[Work instructions] Locate the line that contains "(forall S', path_partition S' -> size S'" in the entries below, then repeat it and every following line through the line that contains "has (fun p => path_comp p && (infix", exactly, and no others.

[Data listing]
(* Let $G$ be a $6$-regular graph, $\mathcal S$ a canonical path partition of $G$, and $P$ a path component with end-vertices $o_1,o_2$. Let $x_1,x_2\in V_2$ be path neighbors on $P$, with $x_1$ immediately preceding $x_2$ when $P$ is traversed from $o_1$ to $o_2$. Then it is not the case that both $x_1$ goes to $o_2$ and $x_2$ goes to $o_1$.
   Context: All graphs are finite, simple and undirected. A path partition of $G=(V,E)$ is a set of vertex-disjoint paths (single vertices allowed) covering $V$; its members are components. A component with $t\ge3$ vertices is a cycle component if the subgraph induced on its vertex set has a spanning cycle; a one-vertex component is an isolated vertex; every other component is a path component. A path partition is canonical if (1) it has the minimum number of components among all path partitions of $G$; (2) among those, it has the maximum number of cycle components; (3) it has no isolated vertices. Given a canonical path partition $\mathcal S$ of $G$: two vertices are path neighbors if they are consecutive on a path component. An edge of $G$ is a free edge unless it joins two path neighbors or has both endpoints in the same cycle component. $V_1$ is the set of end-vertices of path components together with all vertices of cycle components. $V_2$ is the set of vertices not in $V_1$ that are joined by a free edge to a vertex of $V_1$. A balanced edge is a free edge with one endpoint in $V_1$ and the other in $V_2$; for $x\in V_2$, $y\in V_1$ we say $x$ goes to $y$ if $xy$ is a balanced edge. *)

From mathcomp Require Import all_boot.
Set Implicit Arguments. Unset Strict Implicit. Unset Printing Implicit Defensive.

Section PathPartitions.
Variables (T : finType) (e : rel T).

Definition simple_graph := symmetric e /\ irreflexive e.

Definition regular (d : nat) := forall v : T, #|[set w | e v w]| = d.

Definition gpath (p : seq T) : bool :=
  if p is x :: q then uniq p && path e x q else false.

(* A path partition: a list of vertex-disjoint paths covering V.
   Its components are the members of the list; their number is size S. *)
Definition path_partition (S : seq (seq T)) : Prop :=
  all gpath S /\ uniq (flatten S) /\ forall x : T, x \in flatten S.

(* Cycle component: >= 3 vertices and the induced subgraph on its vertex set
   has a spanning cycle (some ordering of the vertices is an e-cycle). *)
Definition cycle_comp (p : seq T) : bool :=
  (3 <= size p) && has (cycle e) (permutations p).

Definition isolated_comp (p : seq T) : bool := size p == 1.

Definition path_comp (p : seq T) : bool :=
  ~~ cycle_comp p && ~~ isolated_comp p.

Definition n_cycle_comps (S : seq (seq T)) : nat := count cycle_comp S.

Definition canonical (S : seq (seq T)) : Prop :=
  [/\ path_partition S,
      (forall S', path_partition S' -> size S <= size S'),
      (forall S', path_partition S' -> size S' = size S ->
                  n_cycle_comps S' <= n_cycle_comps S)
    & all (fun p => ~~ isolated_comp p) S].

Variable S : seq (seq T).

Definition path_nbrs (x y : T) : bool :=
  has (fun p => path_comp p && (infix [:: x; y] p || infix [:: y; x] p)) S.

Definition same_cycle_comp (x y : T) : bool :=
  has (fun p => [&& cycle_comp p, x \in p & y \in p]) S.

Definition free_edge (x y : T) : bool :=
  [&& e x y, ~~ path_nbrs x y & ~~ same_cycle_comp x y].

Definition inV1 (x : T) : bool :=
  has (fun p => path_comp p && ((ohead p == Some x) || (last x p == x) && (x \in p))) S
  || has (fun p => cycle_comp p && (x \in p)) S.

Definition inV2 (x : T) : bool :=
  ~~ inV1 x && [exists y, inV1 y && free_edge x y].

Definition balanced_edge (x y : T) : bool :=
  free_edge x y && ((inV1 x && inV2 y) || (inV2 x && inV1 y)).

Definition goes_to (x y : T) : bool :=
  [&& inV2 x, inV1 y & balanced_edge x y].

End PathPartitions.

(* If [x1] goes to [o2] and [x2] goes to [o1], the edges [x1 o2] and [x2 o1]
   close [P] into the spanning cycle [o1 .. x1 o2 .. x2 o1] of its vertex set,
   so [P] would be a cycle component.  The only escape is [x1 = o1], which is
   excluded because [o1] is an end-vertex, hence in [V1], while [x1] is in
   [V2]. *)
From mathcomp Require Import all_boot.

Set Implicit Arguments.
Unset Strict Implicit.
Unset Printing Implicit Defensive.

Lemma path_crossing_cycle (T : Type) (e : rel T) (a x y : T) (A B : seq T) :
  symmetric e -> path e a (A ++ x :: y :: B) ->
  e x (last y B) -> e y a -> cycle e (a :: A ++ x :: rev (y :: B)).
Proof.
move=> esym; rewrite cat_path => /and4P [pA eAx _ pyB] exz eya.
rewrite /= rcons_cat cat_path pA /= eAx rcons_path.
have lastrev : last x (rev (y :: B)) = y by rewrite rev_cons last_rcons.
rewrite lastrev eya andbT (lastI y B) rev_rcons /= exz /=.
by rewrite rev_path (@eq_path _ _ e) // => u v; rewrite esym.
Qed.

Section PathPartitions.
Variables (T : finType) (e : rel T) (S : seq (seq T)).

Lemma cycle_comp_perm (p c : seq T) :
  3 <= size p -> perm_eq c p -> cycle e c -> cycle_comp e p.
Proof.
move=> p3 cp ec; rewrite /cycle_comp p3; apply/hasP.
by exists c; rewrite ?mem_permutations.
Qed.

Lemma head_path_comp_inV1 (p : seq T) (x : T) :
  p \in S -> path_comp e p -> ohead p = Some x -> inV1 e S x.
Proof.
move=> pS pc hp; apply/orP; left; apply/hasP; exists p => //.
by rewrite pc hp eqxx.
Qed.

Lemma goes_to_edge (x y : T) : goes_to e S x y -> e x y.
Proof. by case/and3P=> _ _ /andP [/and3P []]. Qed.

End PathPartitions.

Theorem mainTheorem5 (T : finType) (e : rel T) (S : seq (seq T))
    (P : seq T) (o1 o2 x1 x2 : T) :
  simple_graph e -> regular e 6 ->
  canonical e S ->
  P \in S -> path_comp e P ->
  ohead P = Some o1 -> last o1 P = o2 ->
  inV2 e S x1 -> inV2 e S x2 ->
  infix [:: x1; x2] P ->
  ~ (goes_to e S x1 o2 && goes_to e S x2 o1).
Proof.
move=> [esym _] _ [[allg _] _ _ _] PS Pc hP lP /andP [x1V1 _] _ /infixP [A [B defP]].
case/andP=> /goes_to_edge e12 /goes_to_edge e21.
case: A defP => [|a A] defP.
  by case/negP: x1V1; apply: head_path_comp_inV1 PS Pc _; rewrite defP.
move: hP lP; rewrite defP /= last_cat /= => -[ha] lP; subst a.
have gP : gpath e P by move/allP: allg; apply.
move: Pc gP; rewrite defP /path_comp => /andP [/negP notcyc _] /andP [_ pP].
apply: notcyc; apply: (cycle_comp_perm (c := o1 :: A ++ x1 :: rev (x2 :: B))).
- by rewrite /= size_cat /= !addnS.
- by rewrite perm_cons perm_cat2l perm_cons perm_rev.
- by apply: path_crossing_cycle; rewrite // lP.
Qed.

[Completed task]
      (forall S', path_partition S' -> size S' = size S ->
                  n_cycle_comps S' <= n_cycle_comps S)
    & all (fun p => ~~ isolated_comp p) S].

Variable S : seq (seq T).

Definition path_nbrs (x y : T) : bool :=
  has (fun p => path_comp p && (infix [:: x; y] p || infix [:: y; x] p)) S.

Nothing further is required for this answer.